As clinical trial teams increase their data collection, the need for cleaning systems also grows. Clinical trial firms are developing their own cleansing tech stacks to keep their data quality high.
According to a study by the Tufts Center for the Study of Drug Development, 73.9 percent of clinical research organizations use two or more EDC solutions. Only 26.1 percent of CROs use just one. The survey interviewed 194 respondents who used 12 different EDC systems.
EDC systems get to the root of clinical data cleaning. Not only do they make it easy to sort through data sets, but they also improve data collection from the start.
“The efficiency of an EDC system is directly related to its design,” the team at Med Institute explains. “An effective framework enables users to perform data entry in less time with fewer errors. A good way to prevent erroneous data from being entered in the database and to minimize the need for subsequent queries is the judicious use of edit checks.”
One of the easiest ways to reduce the time spent in data cleaning is to improve the data set that you need to review.
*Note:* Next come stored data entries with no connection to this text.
Lemma cos_le_inv_one_plus_sqr (x : R) :
  Rabs x <= 1 -> 0 <= cos x <= 1 / (1 + x ^ 2 / 4).
Proof.
  intro Habs. assert (Hx : -1 <= x <= 1)
    by (unfold Rabs in Habs; destruct (Rcase_abs x); lra).
  pose proof PI2_1. split; [apply cos_ge_0; lra|].
  assert (Htaylor : cos x <= 1 - x ^ 2 / 2 + x ^ 4 / 24).
  { destruct (cos_bound x 0) as [_ Hup]; try lra.
    unfold cos_approx, cos_term in Hup. simpl in Hup. lra. }
  assert (Hx2 : 0 <= x ^ 2 <= 1) by nra.
  assert (Hx4 : x ^ 4 <= x ^ 2) by (replace (x ^ 4) with (x ^ 2 * x ^ 2) by ring; nra).
  replace (1 / (1 + x ^ 2 / 4)) with (1 - x ^ 2 / 4 + (x ^ 2 / 4) ^ 2 / (1 + x ^ 2 / 4))
    by (field; lra).
  assert (0 <= (x ^ 2 / 4) ^ 2 / (1 + x ^ 2 / 4))
    by (apply Rdiv_le_0_compat; [apply pow2_ge_0 | lra]).
  lra.
Qed.

Definition lsum {A} (l : list A) (f : A -> R) : R :=
  fold_right (fun x acc => f x + acc) 0 l.

Section ListSums.
Context {A : Type}.
Implicit Types (l : list A) (f g : A -> R).

Lemma lsum_ext l f g : (forall x, In x l -> f x = g x) -> lsum l f = lsum l g.
Proof.
  induction l as [|a l IH]; simpl; intros H; [reflexivity|].
  rewrite H, IH by auto. reflexivity.
Qed.

Lemma lsum_le l f g : (forall x, In x l -> f x <= g x) -> lsum l f <= lsum l g.
Proof.
  induction l as [|a l IH]; simpl; intros H; [lra|].
  specialize (IH (fun x h => H x (or_intror h))).
  specialize (H a (or_introl eq_refl)). lra.
Qed.

Lemma lsum_plus l f g : lsum l (fun x => f x + g x) = lsum l f + lsum l g.
Proof. induction l as [|a l IH]; simpl; [lra|]. rewrite IH. lra. Qed.

Lemma lsum_scal l c f : lsum l (fun x => c * f x) = c * lsum l f.
Proof. induction l as [|a l IH]; simpl; [lra|]. rewrite IH. lra. Qed.

Lemma lsum_const l c : lsum l (fun _ => c) = INR (length l) * c.
Proof.
  induction l as [|a l IH]; [simpl; lra|].
  cbn [length lsum fold_right]. fold (lsum l (fun _ => c)). rewrite IH, S_INR. lra.
Qed.

Lemma lsum_nonneg l f : (forall x, In x l -> 0 <= f x) -> 0 <= lsum l f.
Proof.
  intro H. replace 0 with (lsum l (fun _ => 0)) by (rewrite lsum_const; lra).
  now apply lsum_le.
Qed.

Lemma lsum_filter (p : A -> bool) l f :
  lsum (filter p l) f = lsum l (fun x => if p x then f x else 0).
Proof.
  induction l as [|a l IH]; simpl; [reflexivity|].
  destruct (p a); simpl; rewrite IH; lra.
Qed.

Lemma INR_length_filter (p : A -> bool) l :
  INR (length (filter p l)) = lsum l (fun x => if p x then 1 else 0).
Proof.
  rewrite <- (Rmult_1_r (INR _)), <- lsum_const, lsum_filter.
  apply lsum_ext. intros x _. now destruct (p x).
Qed.

Lemma lsum_cauchy_schwarz l f :
  lsum l f ^ 2 <= INR (length l) * lsum l (fun x => f x ^ 2).
Proof.
  set (L := INR (length l)); set (T := lsum l f); set (Q := lsum l (fun x => f x ^ 2)).
  assert (Hinner : forall x, lsum l (fun y => (f x - f y) ^ 2)
                             = L * f x ^ 2 + Q + (-2 * f x) * T).
  { intro x. rewrite (lsum_ext _ _ (fun y => f x ^ 2 + (f y ^ 2 + (-2 * f x) * f y)))
      by (intros; ring).
    rewrite !lsum_plus, lsum_const, lsum_scal. fold L Q T. ring. }
  assert (Hdouble : lsum l (fun x => lsum l (fun y => (f x - f y) ^ 2))
                    = 2 * (L * Q - T ^ 2)).
  { rewrite (lsum_ext _ _ (fun x => L * f x ^ 2 + (Q + (-2 * T) * f x)))
      by (intros; rewrite Hinner; ring).
    rewrite !lsum_plus, lsum_const, !lsum_scal. fold L Q T. ring. }
  assert (0 <= lsum l (fun x => lsum l (fun y => (f x - f y) ^ 2))).
  { apply lsum_nonneg. intros. apply lsum_nonneg. intros. apply pow2_ge_0. }
  lra.
Qed.

Lemma prod_le_inv_one_plus_lsum l (c v : A -> R) :
  (forall x, In x l -> 0 <= v x /\ 0 <= c x <= 1 / (1 + v x)) ->
  0 <= fold_right Rmult 1 (map c l) <= 1 / (1 + lsum l v).
Proof.
  intro H. enough (0 <= lsum l v /\ 0 <= fold_right Rmult 1 (map c l) <= 1 / (1 + lsum l v))
    by tauto.
  induction l as [|a l IH]; simpl; [lra|].
  destruct (IH (fun x h => H x (or_intror h))) as [HV [HP0 HP]].
  destruct (H a (or_introl eq_refl)) as [Hva [Hca0 Hca]].
  set (P := fold_right Rmult 1 (map c l)) in *; set (V := lsum l v) in *.
  split; [lra|]. split; [apply Rmult_le_pos; lra|].
  apply Rle_trans with (1 / (1 + v a) * (1 / (1 + V))); [apply Rmult_le_compat; lra|].
  replace (1 / (1 + v a) * (1 / (1 + V))) with (1 / ((1 + v a) * (1 + V))) by (field; lra).
  apply Rmult_le_compat_l; [lra|]. apply Rinv_le_contravar; nra.
Qed.

End ListSums.

Lemma lsum_swap {A B} (l : list A) (l' : list B) (F : A -> B -> R) :
  lsum l (fun x => lsum l' (F x)) = lsum l' (fun y => lsum l (fun x => F x y)).
Proof.
  induction l as [|a l IH].
  - change (0 = lsum l' (fun _ => 0)). rewrite lsum_const. lra.
  - simpl. rewrite IH, <- lsum_plus. reflexivity.
Qed.

Lemma lsum_delta (l : list Z) z (g : Z -> R) : NoDup l -> In z l ->
  lsum l (fun y => if Z.eqb z y then g y else 0) = g z.
Proof.
  induction l as [|a l IH]; intros Hnd Hin; [contradiction|].
  inversion Hnd as [|? ? Ha Hl]; subst. simpl.
  destruct (Z.eqb_spec z a) as [<-|Hza].
  - rewrite (lsum_ext _ _ (fun _ => 0)), lsum_const; [lra|].
    intros y Hy. destruct (Z.eqb_spec z y); [subst; contradiction | reflexivity].
  - destruct Hin as [->|Hin]; [contradiction|]. rewrite IH by assumption. lra.
Qed.

Definition window (K : nat) : list Z :=
  map (fun i => (Z.of_nat i - Z.of_nat K)%Z) (seq 0 (2 * K + 1)).

Lemma in_window K z : (Z.abs z <= Z.of_nat K)%Z -> In z (window K).
Proof.
  intro H. apply in_map_iff. exists (Z.to_nat (z + Z.of_nat K)).
  split; [lia|]. apply in_seq. lia.
Qed.

Lemma NoDup_window K : NoDup (window K).
Proof.
  apply NoDup_map_NoDup_ForallPairs; [|apply seq_NoDup].
  intros x y _ _ H. lia.
Qed.

Lemma sites_window n : sites n = window (2 * n).
Proof. unfold sites, window. do 3 f_equal. lia. Qed.

Lemma length_filter_abs_le (l : list Z) K : NoDup l ->
  (length (filter (fun y => Z.abs y <=? Z.of_nat K)%Z l) <= 2 * K + 1)%nat.
Proof.
  intro Hnd. replace (2 * K + 1)%nat with (length (window K))
    by (unfold window; now rewrite length_map, length_seq).
  apply NoDup_incl_length; [now apply NoDup_filter|].
  intros z Hz. apply filter_In in Hz. apply in_window. lia.
Qed.

Lemma abs_le_Zfloor (M : R) (z : Z) : IZR (Z.abs z) < M ->
  (Z.abs z <= Z.of_nat (Z.to_nat (Zfloor M)))%Z.
Proof.
  intro H. assert (Hz : (Z.abs z <= Zfloor M)%Z) by (apply Zfloor_lub; lra). lia.
Qed.

Lemma INR_Zfloor_le (M : R) : 0 <= M -> INR (Z.to_nat (Zfloor M)) <= M.
Proof.
  intro HM. assert (H0 : (0 <= Zfloor M)%Z) by (apply Zfloor_lub; simpl; lra).
  rewrite INR_IZR_INZ, Z2Nat.id by exact H0. apply Zfloor_bound.
Qed.

Definition eta (Y : nat -> Z) (n : nat) (y : Z) : R := INR (local_time Y (2 * n - 1) y).

Lemma srw_path_abs_le Y : srw_path Y -> forall k, (Z.abs (Y k) <= Z.of_nat k)%Z.
Proof.
  intros [H0 Hstep] k. induction k as [|k IH].
  - rewrite H0. simpl. lia.
  - specialize (Hstep k). lia.
Qed.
“As the use of EDC in clinical studies increases, it is becoming clear that such systems present new challenges in ensuring data integrity and subject safety,” write Adam Donat, Martin Hamilton, Irfan Khan, and Nichole Chamberlain at The Society of Clinical Research Associates. “During the study-planning phase for example, designing staff training on the study’s data management procedures helps to ensure each site is collecting accurate data uniformly across the study.”
Even with advanced EDC systems, clinical trials are still focused on humans and conducted by humans. Proper training and the right tools can improve the data collection process and reduce the burden on researchers to clean data sets that are incorrect or disorganized.
Human error will always be a part of clinical trials. Even the best researchers can input incorrect numbers or tweak an algorithm by accident. Electronic data capture systems work to find these errors and serve as a system of checks and balances with research teams. This allows for better data and more confident results as different treatments are approved.